1. The preparation method of the flame-retardant liquid electrolyte is characterized by comprising the following steps of:

2. The method of claim 1, wherein the lithium salt is selected from at least one of lithium bis (fluorosulfonyl) imide, lithium hexafluorophosphate, lithium bis (trifluoromethylsulfonyl) imide, lithium bis (oxalato) borate, lithium oxalato difluoride borate, lithium perchlorate, and lithium tetrafluoroborate.

3. The method of preparing a flame-retardant liquid electrolyte according to claim 1, wherein the molar fraction of the lithium salt in the base electrolyte is 3 to 7mol/L.

4. The method of preparing a flame retardant liquid electrolyte as claimed in claim 1, wherein the phosphate ester solvent is selected from one or both of trimethyl phosphate and triethyl phosphate.

5. The method of claim 1, wherein the negative electrode protecting agent is one or both of fluoroethylene carbonate and ethylene carbonate.

6. The method of claim 1, wherein said commercial electrolyte comprises lithium hexafluorophosphate as a solute and at least one of ethylene carbonate or diethyl carbonate or dimethyl carbonate as a solvent.

7. The method of claim 1, wherein the liquid flame-retardant electrolyte comprises 35 to 45 vol%, 40 to 60 vol%, and 5 to 20 vol% of the base electrolyte, the commercial electrolyte, and the negative electrode protective agent.

8. A flame-retardant liquid electrolyte prepared by the method for preparing a flame-retardant liquid electrolyte according to any one of claims 1 to 7.
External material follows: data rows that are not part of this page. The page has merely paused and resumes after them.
(* Let $M,N\in\mathbb{R}^{(k+n)\times(k+n)}$ be symmetric, partitioned as $N=\begin{bmatrix} N_{11} & N_{12}\\ N_{12}^\top & N_{22}\end{bmatrix}$ with $N_{11}\in\mathbb{R}^{k\times k}$, $N_{22}\in\mathbb{R}^{n\times n}$. Assume $N$ is nonsingular, $N_{11}\ge 0$ and $N_{22}<0$. Let $\mathcal{S}_N:=\{Z\in\mathbb{R}^{n\times k}\mid \begin{bmatrix} I\\ Z\end{bmatrix}^\top N\begin{bmatrix} I\\ Z\end{bmatrix}\ge 0\}$. Then $\begin{bmatrix} I\\ Z\end{bmatrix}^\top M\begin{bmatrix} I\\ Z\end{bmatrix}>0$ for all $Z\in\mathcal{S}_N$ if and only if there exists $\alpha\ge 0$ such that $M-\alpha N>0$.
   Context: $I$ denotes the $k\times k$ identity. For symmetric matrices, $\ge 0$ means positive semidefinite and $>0$ positive definite. *)

From HB Require Import structures.
From mathcomp Require Import all_boot all_order all_algebra.
From mathcomp Require Import reals.
Set Implicit Arguments. Unset Strict Implicit. Unset Printing Implicit Defensive.
Import Order.TTheory GRing.Theory Num.Theory.
Local Open Scope ring_scope.

Definition symmx (R : realType) (m : nat) (A : 'M[R]_m) : Prop := A^T = A.

Definition psdmx (R : realType) (m : nat) (A : 'M[R]_m) : Prop :=
  symmx A /\ forall x : 'cV[R]_m, 0 <= (x^T *m A *m x) ord0 ord0.

Definition pdmx (R : realType) (m : nat) (A : 'M[R]_m) : Prop :=
  symmx A /\ forall x : 'cV[R]_m, x != 0 -> 0 < (x^T *m A *m x) ord0 ord0.

Definition ndmx (R : realType) (m : nat) (A : 'M[R]_m) : Prop := pdmx (- A).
9. A preparation method of a lithium battery is characterized by comprising the following steps: respectively attaching a positive electrode material and a negative electrode material to both sides of the flame-retardant liquid electrolyte according to claim 8, and heating and polymerizing to obtain the lithium battery.

10. A lithium battery comprising the flame-retardant liquid electrolyte according to claim 8, and a positive electrode material and a negative electrode material attached to both sides of the flame-retardant liquid electrolyte.